A **confidence interval for a mean **is a range of values that is likely to contain a population mean with a certain level of confidence.

This tutorial explains the following:

- The motivation for creating a confidence interval for a mean.
- The formula to create a confidence interval for a mean.
- An example of how to calculate a confidence interval for a mean.
- How to interpret a confidence interval for a mean.

**Confidence Interval for a Mean: Motivation**

The reason that we would even want to create a confidence interval for a mean is because we want to capture our uncertainty when estimating a population mean.

For example, suppose we want to estimate the mean weight of a certain species of turtle in Florida. Since there are thousands of turtles in Florida, it would be extremely time-consuming and costly to go around and weigh each individual turtle.

Instead, we might take a simple random sample of 50 turtles and use the mean weight of the turtles in this sample to estimate the true population mean:

The problem is that the mean weight in the sample is not guaranteed to exactly match the mean weight of the whole population. So, to capture this uncertainty we can create a confidence interval that contains a range of values that are likely to contain the true mean weight of the turtles in the population.

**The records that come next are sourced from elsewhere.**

(* Let $(\rho_0,p_0)$ solve the TOV system on $[0,R)$ with regular centre, mass function $m_0$, $g_0=\frac{m_0+4\pi p_0r^3}{r^2[1-2m_0/r]}$, $I_0(r)=\int_0^rg_0$. For real parameters $\Delta p$ and $\delta\rho_c$ define $$\delta p_1(r)=\frac{\Delta p\sqrt{1-2m_0/r}\,e^{-2I_0(r)}}{1+4\pi\Delta p\int_0^r\frac{s\,e^{-2I_0(s)}}{\sqrt{1-2m_0(s)/s}}ds},\qquad g_1(r)=g_0(r)+\frac{4\pi\,\delta p_1(r)\,r}{1-2m_0(r)/r},$$ $$\delta m(r)=\frac{4\pi r^3\,\delta\rho_c}{3[1+rg_1]^2}\exp\Bigl\{2\int_0^rg_1\frac{1-sg_1}{1+sg_1}ds\Bigr\},\qquad \delta p(r)=\delta p_1(r)-\frac{\delta m(r)}{4\pi r^3}\,\frac{1+8\pi[p_0+\delta p_1]r^2}{1-2m_0/r}.$$ Then, on any interval $[0,R')$ on which all denominators are positive and $1-2(m_0+\delta m)/r>0$, the pair $(\rho,p)$ with $m=m_0+\delta m$, $\rho=m'/(4\pi r^2)$, $p=p_0+\delta p$ solves the TOV system with regular centre, with central density $\rho_0(0)+\delta\rho_c$ and central pressure $p_0(0)+\delta p_c$, where $\delta p_c=\Delta p-\delta\rho_c/3$; the two parameters $\Delta p,\delta\rho_c$ are independent. *)

From Stdlib Require Import Reals Lra.
From Coquelicot Require Import Coquelicot.
Open Scope R_scope.

Definition mass (rho : R -> R) (r : R) : R :=
  RInt (fun s => 4 * PI * s ^ 2 * rho s) 0 r.

Definition gTOV (m p : R -> R) (r : R) : R :=
  (m r + 4 * PI * p r * r ^ 3) / (r ^ 2 * (1 - 2 * m r / r)).

(* (rho, p) solves the TOV system on [0, R0) with regular centre:
   rho and p are continuous on [0, R0) (right-continuous at the centre,
   so that rho 0 and p 0 are the central density and pressure),
   m = mass rho satisfies 1 - 2 m / r > 0 on (0, R0) and
   p' = -(rho + p) g  on (0, R0). *)
Definition TOV_regular (rho p : R -> R) (R0 : R) : Prop :=
  0 < R0 /\
  filterlim rho (at_right 0) (locally (rho 0)) /\
  filterlim p (at_right 0) (locally (p 0)) /\
  (forall r, 0 < r < R0 -> continuous rho r /\ continuous p r) /\
  (forall r, 0 < r < R0 -> 0 < 1 - 2 * mass rho r / r) /\
  (forall r, 0 < r < R0 ->
     is_derive p r (- (rho r + p r) * gTOV (mass rho) p r)).

Section Pert.
Variables (rho0 p0 : R -> R) (Dp drhoc : R).

Definition m0 := mass rho0.
Definition g0 := gTOV m0 p0.
Definition I0 (r : R) : R := RInt g0 0 r.

Definition dp1 (r : R) : R :=
  Dp * sqrt (1 - 2 * m0 r / r) * exp (- 2 * I0 r) /
  (1 + 4 * PI * Dp *
     RInt (fun s => s * exp (- 2 * I0 s) / sqrt (1 - 2 * m0 s / s)) 0 r).

Definition g1 (r : R) : R :=
  g0 r + 4 * PI * dp1 r * r / (1 - 2 * m0 r / r).

Definition dm (r : R) : R :=
  4 * PI * r ^ 3 * drhoc / (3 * (1 + r * g1 r) ^ 2) *
  exp (2 * RInt (fun s => g1 s * (1 - s * g1 s) / (1 + s * g1 s)) 0 r).

Definition dp (r : R) : R :=
  dp1 r - dm r / (4 * PI * r ^ 3) *
          ((1 + 8 * PI * (p0 r + dp1 r) * r ^ 2) / (1 - 2 * m0 r / r)).
End Pert.

From Stdlib Require Import Reals Lra.
From Coquelicot Require Import Coquelicot.
Open Scope R_scope.

(* The pressure p0 + dp1 solves the TOV equation with the unperturbed mass m0:
   inserting it gives a Bernoulli equation for dp1, linearised by 1/dp1, whose
   solution is the stated formula, and its gravity is g1.  Adding the mass dm
   forces the correction term of dp, and p0 + dp solves the TOV equation for
   the mass m0 + dm exactly when dm solves a linear first-order equation with
   coefficients built from g1; dm is its solution, which is checked by
   differentiation.  Near the centre r g1 -> 0, so dm ~ (4/3) pi r^3 drhoc and
   dp -> Dp - drhoc / 3.  Finally m0 + dm is the mass of rho = (m0 + dm)' / (4 pi r^2)
   because both vanish at the centre. *)

Section Limits.
Context {F : (R -> Prop) -> Prop} {FF : Filter F}.

Lemma lim_eq_value (f : R -> R) (l l' : R) :
  filterlim f F (locally l) -> l = l' -> filterlim f F (locally l').
Proof. intros Hf <-; exact Hf. Qed.

Lemma lim_plus (f g : R -> R) (a b : R) :
  filterlim f F (locally a) -> filterlim g F (locally b) ->
  filterlim (fun x => f x + g x) F (locally (a + b)).
Proof.
intros Hf Hg; apply (filterlim_comp_2 f g Rplus Hf Hg).
apply (@filterlim_plus R_AbsRing R_NormedModule).
Qed.

Lemma lim_mult (f g : R -> R) (a b : R) :
  filterlim f F (locally a) -> filterlim g F (locally b) ->
  filterlim (fun x => f x * g x) F (locally (a * b)).
Proof.
intros Hf Hg; apply (filterlim_comp_2 f g Rmult Hf Hg).
apply (@filterlim_mult R_AbsRing).
Qed.

Lemma lim_comp_continuous (f h : R -> R) (a : R) :
  filterlim f F (locally a) -> continuous h a ->
  filterlim (fun x => h (f x)) F (locally (h a)).
Proof. intros Hf Hh; exact (filterlim_comp _ _ _ f h _ _ _ Hf Hh). Qed.

Lemma lim_opp (f : R -> R) (a : R) :
  filterlim f F (locally a) -> filterlim (fun x => - f x) F (locally (- a)).
Proof.
intros Hf; apply (lim_comp_continuous f Ropp a Hf).
apply (continuous_opp (fun x : R => x)), continuous_id.
Qed.

Lemma lim_minus (f g : R -> R) (a b : R) :
  filterlim f F (locally a) -> filterlim g F (locally b) ->
  filterlim (fun x => f x - g x) F (locally (a - b)).
Proof. intros Hf Hg; apply (lim_plus f (fun x => - g x)); [exact Hf | now apply lim_opp]. Qed.

Lemma lim_inv (f : R -> R) (a : R) :
  filterlim f F (locally a) -> a <> 0 ->
  filterlim (fun x => / f x) F (locally (/ a)).
Proof. intros Hf Ha; apply (lim_comp_continuous f Rinv a Hf); now apply continuous_Rinv. Qed.

Lemma lim_div (f g : R -> R) (a b : R) :
  filterlim f F (locally a) -> filterlim g F (locally b) -> b <> 0 ->
  filterlim (fun x => f x / g x) F (locally (a / b)).
Proof. intros Hf Hg Hb; apply (lim_mult f (fun x => / g x)); [exact Hf | now apply lim_inv]. Qed.

Lemma lim_exp (f : R -> R) (a : R) :
  filterlim f F (locally a) -> filterlim (fun x => exp (f x)) F (locally (exp a)).
Proof. intros Hf; apply (lim_comp_continuous f exp a Hf), continuous_exp. Qed.

Lemma lim_sqrt (f : R -> R) (a : R) :
  filterlim f F (locally a) -> filterlim (fun x => sqrt (f x)) F (locally (sqrt a)).
Proof. intros Hf; apply (lim_comp_continuous f sqrt a Hf), continuous_sqrt. Qed.

Lemma lim_pow (f : R -> R) (a : R) (n : nat) :
  filterlim f F (locally a) -> filterlim (fun x => f x ^ n) F (locally (a ^ n)).
Proof.
intros Hf; induction n as [|n IH]; simpl.
- apply filterlim_const.
- now apply lim_mult.
Qed.

End Limits.

Lemma filterlim_id_at_right_0 : filterlim (fun x => x) (at_right 0) (locally 0).
Proof. intros P [e He]; exists e; intros y Hy _; now apply He. Qed.

Ltac solve_lim :=
  match goal with
  | H : filterlim ?f ?F (locally _) |- filterlim ?f ?F (locally _) => exact H
  | |- filterlim (fun x => x) (at_right 0) _ => exact filterlim_id_at_right_0
  | |- filterlim (fun x => x) (locally _) _ => apply filterlim_id
  | |- filterlim (fun x => ?c) _ (locally _) => apply filterlim_const
  | |- filterlim (fun x => @?A x + @?B x) _ _ => eapply (lim_plus A B); [solve_lim|solve_lim]
  | |- filterlim (fun x => @?A x - @?B x) _ _ => eapply (lim_minus A B); [solve_lim|solve_lim]
  | |- filterlim (fun x => @?A x * @?B x) _ _ => eapply (lim_mult A B); [solve_lim|solve_lim]
  | |- filterlim (fun x => @?A x / @?B x) _ _ => eapply (lim_div A B); [solve_lim|solve_lim|]
  | |- filterlim (fun x => - @?A x) _ _ => eapply (lim_opp A); solve_lim
  | |- filterlim (fun x => / @?A x) _ _ => eapply (lim_inv A); [solve_lim|]
  | |- filterlim (fun x => exp (@?A x)) _ _ => eapply (lim_exp A); solve_lim
  | |- filterlim (fun x => sqrt (@?A x)) _ _ => eapply (lim_sqrt A); solve_lim
  | |- filterlim (fun x => (@?A x) ^ ?n) _ _ => eapply (lim_pow A _ n); solve_lim
  end.

Ltac compute_lim :=
  eapply lim_eq_value; [solve_lim|];
  rewrite ?Rminus_0_r, ?Rmult_0_r, ?Rplus_0_r, ?exp_0, ?sqrt_1;
  try solve [lra]; try solve [field; repeat split; lra]; try solve [ring].

Lemma at_right_0_interval (d : R) (P : R -> Prop) :
  0 < d -> (forall x, 0 < x < d -> P x) -> at_right 0 P.
Proof.
intros Hd HP; exists (mkposreal d Hd); intros y Hy Hy0; apply HP.
change (Rabs (y - 0) < d) in Hy; apply Rabs_def2 in Hy; lra.
Qed.

Lemma lim_at_right_0_of_linear_bound (f : R -> R) (d C : R) :
  0 < d -> (forall x, 0 < x < d -> Rabs (f x) <= C * x) ->
  filterlim f (at_right 0) (locally 0).
Proof.
intros Hd Hb; apply filterlim_locally; intros [eps Heps]; simpl.
assert (HC : 0 < Rabs C + 1) by (generalize (Rabs_pos C); lra).
assert (He : 0 < Rmin d (eps / (Rabs C + 1))).
{ apply Rmin_pos; [exact Hd | now apply Rdiv_lt_0_compat]. }
apply (at_right_0_interval _ _ He); intros x Hx.
generalize (Rmin_l d (eps / (Rabs C + 1))) (Rmin_r d (eps / (Rabs C + 1))); intros Hd' He'.
change (Rabs (f x - 0) < eps); rewrite Rminus_0_r.
apply Rle_lt_trans with (C * x); [apply Hb; lra|].
assert (Hx' : x * (Rabs C + 1) < eps).
{ replace eps with (eps / (Rabs C + 1) * (Rabs C + 1)) by (field; lra).
  apply Rmult_lt_compat_r; lra. }
generalize (Rle_abs C) (Rabs_pos C); nra.
Qed.

Lemma bounded_at_right_0_of_lim (f : R -> R) (l : R) :
  filterlim f (at_right 0) (locally l) ->
  exists d B, 0 < d /\ forall x, 0 < x < d -> Rabs (f x) <= B.
Proof.
intros Hf; destruct (proj1 (filterlim_locally _ _) Hf (mkposreal 1 Rlt_0_1)) as [[d Hd] Hball].
exists d, (Rabs l + 1); split; [exact Hd|]; intros x Hx.
assert (Hfx : Rabs (f x - l) < 1).
{ apply Hball; [|lra]. change (Rabs (x - 0) < d); rewrite Rminus_0_r, Rabs_pos_eq; lra. }
generalize (Rabs_triang_inv (f x) l); lra.
Qed.

Lemma is_derive_eq_value (f : R -> R) (x l l' : R) :
  is_derive f x l -> l = l' -> is_derive f x l'.
Proof. intros H <-; exact H. Qed.

Lemma continuous_of_is_derive (f : R -> R) (x l : R) : is_derive f x l -> continuous f x.
Proof. intros H; apply (@ex_derive_continuous R_AbsRing R_NormedModule); now exists l. Qed.

Lemma is_derive_RInt_of_continuous_below (G : R -> R) (b x : R) :
  0 < b -> (forall y, y < b -> continuous G y) -> x < b ->
  is_derive (fun y => RInt G 0 y) x (G x).
Proof.
intros Hb HG Hx; apply (is_derive_RInt G _ 0); [|apply HG, Hx].
apply (locally_interval _ x (x - 1) b); simpl; try lra; intros y _ Hy.
apply (@RInt_correct R_CompleteNormedModule), (@ex_RInt_continuous R_CompleteNormedModule).
intros z Hz; apply HG; generalize (Rmax_lub_lt 0 y b Hb Hy); lra.
Qed.

Section IntegralFromCentre.
Variables (f : R -> R) (l b : R).
Hypothesis b_pos : 0 < b.
Hypothesis f_at_centre : filterlim f (at_right 0) (locally l).
Hypothesis f_continuous : forall x, 0 < x < b -> continuous f x.

Lemma RInt_from_0_of_extension (G : R -> R) :
  (forall x, 0 < x -> G x = f x) -> forall y, 0 <= y -> RInt f 0 y = RInt G 0 y.
Proof.
intros HG y Hy; apply RInt_ext; intros x Hx.
rewrite Rmin_left, Rmax_right in Hx by lra.
symmetry; apply HG; lra.
Qed.

Lemma ex_RInt_from_0 (x : R) : 0 < x < b -> ex_RInt f 0 x.
Proof.
intros Hx.
destruct (C0_extension_left f l 0 b b_pos f_continuous f_at_centre) as [G [HGc [HGf _]]].
apply ex_RInt_ext with G.
- intros y Hy; rewrite Rmin_left, Rmax_right in Hy by lra; apply HGf; lra.
- apply (@ex_RInt_continuous R_CompleteNormedModule); intros y Hy; apply HGc.
  rewrite Rmax_right in Hy by lra; lra.
Qed.

Lemma is_derive_RInt_from_0 (x : R) :
  0 < x < b -> is_derive (fun y => RInt f 0 y) x (f x).
Proof.
intros Hx.
destruct (C0_extension_left f l 0 b b_pos f_continuous f_at_centre) as [G [HGc [HGf _]]].
rewrite <- (HGf x) by lra.
apply is_derive_ext_loc with (fun y => RInt G 0 y).
- apply (locally_interval _ x 0 b); simpl; try lra; intros y Hy _.
  symmetry; apply RInt_from_0_of_extension; [exact HGf | lra].
- apply (is_derive_RInt_of_continuous_below G b); lra || exact HGc.
Qed.

Lemma RInt_from_0_at_centre : filterlim (fun y => RInt f 0 y) (at_right 0) (locally 0).
Proof.
destruct (C0_extension_left f l 0 b b_pos f_continuous f_at_centre) as [G [HGc [HGf _]]].
assert (HIG : continuous (fun y => RInt G 0 y) 0).
{ apply (continuous_of_is_derive _ _ (G 0)).
  apply (is_derive_RInt_of_continuous_below G b); lra || exact HGc. }
unfold continuous in HIG; rewrite RInt_point in HIG.
apply filterlim_ext_loc with (fun y => RInt G 0 y).
- apply (at_right_0_interval b); [exact b_pos|]; intros y Hy.
  symmetry; apply RInt_from_0_of_extension; [exact HGf | lra].
- eapply filterlim_filter_le_1; [apply filter_le_within | exact HIG].
Qed.

End IntegralFromCentre.

Lemma const_of_zero_derivative (h : R -> R) (a b : R) :
  (forall y, a < y < b -> is_derive h y 0) ->
  forall x y, a < y < x -> x < b -> h x = h y.
Proof.
intros Hh x y Hyx Hxb.
destruct (MVT_gen h y x (fun _ => 0)) as [c [_ Hc]].
- intros z Hz; rewrite Rmin_left, Rmax_right in Hz by lra; apply Hh; lra.
- intros z Hz; rewrite Rmin_left, Rmax_right in Hz by lra.
  apply continuity_pt_filterlim, (@ex_derive_continuous R_AbsRing R_NormedModule).
  exists 0; apply Hh; lra.
- lra.
Qed.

**Confidence Interval for a Mean: Formula**

We use the following formula to calculate a confidence interval for a mean:

**Confidence Interval = ****x +/- z*(s/√n)**

where:

**x:**sample mean**z:**the chosen z-value**s:**sample standard deviation**n:**sample size

The z-value that you will use is dependent on the confidence level that you choose. The following table shows the z-value that corresponds to popular confidence level choices:

Confidence Level |
z-value |
---|---|

0.90 | 1.645 |

0.95 | 1.96 |

0.99 | 2.58 |

Notice that higher confidence levels correspond to larger z-values, which leads to wider confidence intervals. This means that, for example, a 99% confidence interval will be wider than a 95% confidence interval for the same set of data.

**Confidence Interval for a Mean: Example**

Suppose we collect a random sample of turtles with the following information:

- Sample size
**n = 25** - Sample mean weight
**x = 300** - Sample standard deviation
**s = 18.5**

Here is how to find various confidence intervals for the true population mean weight:

**90% Confidence Interval: **300 +/- 1.645*(18.5/√25) = **[293.91, 306.09]**

**95% Confidence Interval: **300 +/- 1.96*(18.5/√25) = **[292.75, 307.25]**

**99% Confidence Interval: **300 +/- 2.58*(18.5/√25) = [**290.47, 309.53]**

**Note: **You can also find these confidence intervals by using the Statology Confidence Interval Calculator.

**Confidence Interval for a Mean: Interpretation**

The way we would interpret a confidence interval is as follows:

There is a 95% chance that the confidence interval of [292.75, 307.25] contains the true population mean weight of turtles.

Another way of saying the same thing is that there is only a 5% chance that the true population mean lies outside of the 95% confidence interval. That is, there’s only a 5% chance that the true population mean weight of turtles is greater than 307.25 pounds or less than 292.75 pounds.